ENDORSEMENTS: The race to succeed south Cobb Commissioner Lisa Cupid is heating up.

Tenants’ rights activist Monica Delancy has thrown her support behind Commission District 4 candidate Shelia Edwards, who is headed to an Aug. 11 runoff against Cupid’s former appointee to the Board of Zoning Appeals, Monique Sheffield.


Shelia Edwards

Delancy was one of seven Democrats on the ballot in the June 9 primary and came in third. Edwards narrowly finished ahead of Sheffield; both received almost a quarter of the votes apiece.

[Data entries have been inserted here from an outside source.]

(* Assume the standing setting and let $\epsilon>0$. If $|u^0_i-u^0_{i+1}|\le \epsilon/3^{M}$ for all $i\in\mathbb Z$, then for all $j\in\mathbb Z$ and all integers $0\le n\le N$, $$|w^{n+1}_j-w^n_j|\le \frac{\epsilon}{3^{N-n}},\qquad |w^n_j-w^n_{j+1}|\le \frac{\epsilon}{3^{N-n}} .$$
   Context: Standing setting. Let $F:\mathbb R\to\mathbb R$ be continuously differentiable. For a spatial step $\eta>0$, a time step $\tau>0$ and an initial sequence $(z^0_i)_{i\in\mathbb Z}$ of reals, the EFC (Euler forward in time, centered in space) scheme produces $(z^n_i)_{i\in\mathbb Z,\,n\in\mathbb N}$ by $z^{n+1}_i=z^n_i-F'(z^n_i)\frac{\tau}{2\eta}\,(z^n_{i+1}-z^n_{i-1})$. It satisfies the CFL condition if $|F'(z^n_i)|\,\tau/\eta\le 1$ for all $i\in\mathbb Z$, $n\in\mathbb N$. Fix $a\in\mathbb R$, $h>0$, $\Delta t>0$, an integer $N>1$ and an even integer $r\ge 2$; put $k=h/r$, $dt=\Delta t/r$, $M=Nr$. Let $u_0:\mathbb R\to\mathbb R$. The coarse solution $(w^n_j)$ is the EFC scheme with $\eta=h$, $\tau=\Delta t$, $w^0_j=u_0(a+jh)$; the fine solution $(u^n_i)$ is the EFC scheme with $\eta=k$, $\tau=dt$, $u^0_i=u_0(a+ik)$ (so $w^0_j=u^0_{jr}$). Both are assumed to satisfy the CFL condition. *)

From Stdlib Require Import Reals ZArith Arith.
Open Scope R_scope.

(* EFC scheme: Euler forward in time, centered in space.
   dF plays the role of F'; eta = spatial step, tau = time step,
   z0 = initial sequence indexed by Z.  efc dF eta tau z0 n i = z^n_i. *)
Fixpoint efc (dF : R -> R) (eta tau : R) (z0 : Z -> R) (n : nat) : Z -> R :=
  match n with
  | O => z0
  | S m => fun i =>
      let z := efc dF eta tau z0 m in
      z i - dF (z i) * (tau / (2 * eta)) * (z (i + 1)%Z - z (i - 1)%Z)
  end.

Definition CFL (dF : R -> R) (eta tau : R) (z0 : Z -> R) : Prop :=
  forall (n : nat) (i : Z),
    Rabs (dF (efc dF eta tau z0 n i)) * tau / eta <= 1.

(* Under the CFL condition one EFC step moves a value by at most half the spread of its two
   neighbours, so time increments are bounded by the current spatial differences and spatial
   differences grow at most by a factor 3 per step.  The coarse grid samples every r-th fine
   point, so its initial differences are at most r eps / 3^(N r), and r <= 3^(N (r - 1))
   absorbs the factor r. *)

From Stdlib Require Import Reals ZArith Lra Lia Psatz.
Open Scope R_scope.

Section EFC_stability.

Variables (dF : R -> R) (eta tau : R) (z0 : Z -> R).
Hypotheses (Heta : 0 < eta) (Htau : 0 < tau) (HCFL : CFL dF eta tau z0).

Let z := efc dF eta tau z0.

Lemma efc_step_bound (n : nat) (B : R) (j : Z) :
  (forall i, Rabs (z n i - z n (i + 1)%Z) <= B) ->
  Rabs (z (S n) j - z n j) <= B.
Proof.
  intros HB.
  set (c := Rabs (dF (z n j)) * tau / eta).
  assert (Hc1 : c <= 1) by apply HCFL.
  assert (Hc0 : 0 <= c).
  { unfold c, Rdiv. apply Rmult_le_pos; [apply Rmult_le_pos; [apply Rabs_pos | lra]|].
    left; apply Rinv_0_lt_compat; lra. }
  set (d := z n (j + 1)%Z - z n (j - 1)%Z).
  assert (Hd : Rabs d <= 2 * B).
  { assert (H1 := HB j). assert (H2 := HB (j - 1)%Z).
    replace (j - 1 + 1)%Z with j in H2 by lia.
    rewrite Rabs_minus_sym in H1, H2.
    replace d with ((z n (j + 1)%Z - z n j) + (z n j - z n (j - 1)%Z)) by (unfold d; ring).
    pose proof (Rabs_triang (z n (j + 1)%Z - z n j) (z n j - z n (j - 1)%Z)). lra. }
  assert (Hstep : z (S n) j - z n j = - (dF (z n j) * (tau / (2 * eta)) * d)).
  { unfold d, z. cbn [efc]. ring. }
  rewrite Hstep, Rabs_Ropp, !Rabs_mult, (Rabs_right (tau / (2 * eta))).
  2: { apply Rle_ge, Rlt_le, Rdiv_lt_0_compat; lra. }
  replace (Rabs (dF (z n j)) * (tau / (2 * eta)) * Rabs d) with (c * (Rabs d / 2))
    by (unfold c; field; lra).
  pose proof (Rabs_pos d). nra.
Qed.

Lemma efc_diff_succ_bound (n : nat) (B : R) :
  (forall i, Rabs (z n i - z n (i + 1)%Z) <= B) ->
  forall i, Rabs (z (S n) i - z (S n) (i + 1)%Z) <= 3 * B.
Proof.
  intros HB i.
  assert (S1 := efc_step_bound n B i HB).
  assert (S2 := efc_step_bound n B (i + 1)%Z HB).
  assert (S0 := HB i).
  replace (z (S n) i - z (S n) (i + 1)%Z)
    with ((z (S n) i - z n i) + (z n i - z n (i + 1)%Z) + - (z (S n) (i + 1)%Z - z n (i + 1)%Z))
    by ring.
  pose proof (Rabs_triang (z (S n) i - z n i + (z n i - z n (i + 1)%Z))
                          (- (z (S n) (i + 1)%Z - z n (i + 1)%Z))).
  pose proof (Rabs_triang (z (S n) i - z n i) (z n i - z n (i + 1)%Z)).
  rewrite Rabs_Ropp in *. lra.
Qed.

Lemma efc_diff_pow3_bound (B : R) :
  (forall i, Rabs (z0 i - z0 (i + 1)%Z) <= B) ->
  forall n i, Rabs (z n i - z n (i + 1)%Z) <= B * 3 ^ n.
Proof.
  intros H0 n. induction n as [|n IH]; intro i.
  - rewrite Rmult_1_r. apply H0.
  - replace (B * 3 ^ S n) with (3 * (B * 3 ^ n)) by (simpl; ring).
    exact (efc_diff_succ_bound n _ IH i).
Qed.

End EFC_stability.

Lemma diff_subsample_bound (g : Z -> R) (e : R) (r : nat) :
  (forall i, Rabs (g i - g (i + 1)%Z) <= e) ->
  forall i, Rabs (g (i * Z.of_nat r)%Z - g ((i + 1) * Z.of_nat r)%Z) <= INR r * e.
Proof.
  intros Hg i.
  replace ((i + 1) * Z.of_nat r)%Z with (i * Z.of_nat r + Z.of_nat r)%Z by ring.
  generalize (i * Z.of_nat r)%Z as p. intro p.
  induction r as [|m IH].
  - rewrite Z.add_0_r, Rminus_diag, Rabs_R0. simpl; lra.
  - rewrite S_INR, Nat2Z.inj_succ.
    replace (p + Z.succ (Z.of_nat m))%Z with (p + Z.of_nat m + 1)%Z by lia.
    replace (g p - g (p + Z.of_nat m + 1)%Z)
      with ((g p - g (p + Z.of_nat m)%Z) + (g (p + Z.of_nat m)%Z - g (p + Z.of_nat m + 1)%Z))
      by ring.
    pose proof (Rabs_triang (g p - g (p + Z.of_nat m)%Z)
                            (g (p + Z.of_nat m)%Z - g (p + Z.of_nat m + 1)%Z)).
    pose proof (Hg (p + Z.of_nat m)%Z). lra.
Qed.

Lemma INR_succ_le_pow3 (k : nat) : INR (S k) <= 3 ^ k.
Proof.
  induction k as [|k IH].
  - simpl; lra.
  - rewrite !S_INR in *. cbn [pow]. pose proof (pos_INR k). lra.
Qed.

Lemma scaled_pow3_bound (eps : R) (N r n : nat) :
  0 <= eps -> (1 <= N)%nat -> (1 <= r)%nat -> (n <= N)%nat ->
  INR r * (eps / 3 ^ (N * r)) * 3 ^ n <= eps / 3 ^ (N - n).
Proof.
  intros Heps HN Hr Hn.
  assert (Hsplit : 3 ^ (N * r) = 3 ^ n * 3 ^ (N - n) * 3 ^ (N * r - N)).
  { rewrite <- !pow_add. f_equal. nia. }
  assert (Hr3 : INR r <= 3 ^ (N * r - N)).
  { replace r with (S (r - 1)) at 1 by lia.
    eapply Rle_trans; [apply INR_succ_le_pow3 | apply Rle_pow; [lra | nia]]. }
  pose proof (pow_lt 3 n ltac:(lra)).
  pose proof (pow_lt 3 (N - n) ltac:(lra)).
  pose proof (pow_lt 3 (N * r - N) ltac:(lra)).
  rewrite Hsplit.
  replace (INR r * (eps / (3 ^ n * 3 ^ (N - n) * 3 ^ (N * r - N))) * 3 ^ n)
    with (eps / 3 ^ (N - n) * (INR r / 3 ^ (N * r - N))) by (field; lra).
  rewrite <- (Rmult_1_r (eps / 3 ^ (N - n))) at 2.
  apply Rmult_le_compat_l.
  - unfold Rdiv. apply Rmult_le_pos; [lra | left; apply Rinv_0_lt_compat; lra].
  - unfold Rdiv. rewrite <- (Rinv_r (3 ^ (N * r - N))) by lra.
    apply Rmult_le_compat_r; [left; apply Rinv_0_lt_compat |]; lra.
Qed.

Theorem corollary1
  (F dF : R -> R)
  (HF : forall x, derivable_pt_lim F x (dF x))
  (HdF : forall x, continuity_pt dF x)
  (a h Dt : R) (N r : nat) (u0 : R -> R) (eps : R)
  (Hh : 0 < h) (HDt : 0 < Dt) (HN : (1 < N)%nat)
  (Hr2 : (2 <= r)%nat) (Hreven : Nat.Even r)
  (HCFLw : CFL dF h Dt (fun j => u0 (a + IZR j * h)))
  (HCFLu : CFL dF (h / INR r) (Dt / INR r) (fun i => u0 (a + IZR i * (h / INR r))))
  (Heps : 0 < eps)
  (Hu : forall i : Z,
      Rabs (u0 (a + IZR i * (h / INR r)) - u0 (a + IZR (i + 1) * (h / INR r)))
        <= eps / 3 ^ (N * r)) :
  forall (j : Z) (n : nat), (n <= N)%nat ->
    let w := efc dF h Dt (fun j => u0 (a + IZR j * h)) in
    Rabs (w (S n) j - w n j) <= eps / 3 ^ (N - n) /\
    Rabs (w n j - w n (j + 1)%Z) <= eps / 3 ^ (N - n).
Proof.
  intros j n Hn w.
  set (B := INR r * (eps / 3 ^ (N * r))).
  assert (Hsample : forall i, IZR i * h = IZR (i * Z.of_nat r) * (h / INR r)).
  { intro i. rewrite mult_IZR, <- INR_IZR_INZ. field. apply not_0_INR. lia. }
  assert (Hw0 : forall i, Rabs (u0 (a + IZR i * h) - u0 (a + IZR (i + 1) * h)) <= B).
  { intro i. rewrite !Hsample.
    exact (diff_subsample_bound (fun p => u0 (a + IZR p * (h / INR r))) _ r Hu i). }
  assert (Hwn := efc_diff_pow3_bound dF h Dt _ Hh HDt HCFLw B Hw0 n).
  assert (Hfin : B * 3 ^ n <= eps / 3 ^ (N - n)) by (apply scaled_pow3_bound; lra || lia).
  split; eapply Rle_trans; try exact Hfin.
  - exact (efc_step_bound dF h Dt _ Hh HDt HCFLw n _ j Hwn).
  - apply Hwn.
Qed.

“The selection of our next Commissioner must be based on the best person to lead us forward and there should be no doubt that Shelia Edwards is the best qualified person based on her work and her leadership in our community,” Delancy wrote in her endorsement letter. “She and I have both gone before the Board of Commissioners to advocate on issues including affordable housing, zoning issues, and the rights of renters. I have personally witnessed her advocacy for economic development and good paying jobs to come to our community, which for me (are) the qualities of a true leader. In addition to a high level of professionalism and a strong work ethic, Shelia has working knowledge and understanding of government and business and will begin working for us on day one.”

She added that Edwards “understands the issues that working families like mine face every day and will be a champion for us on our issues.”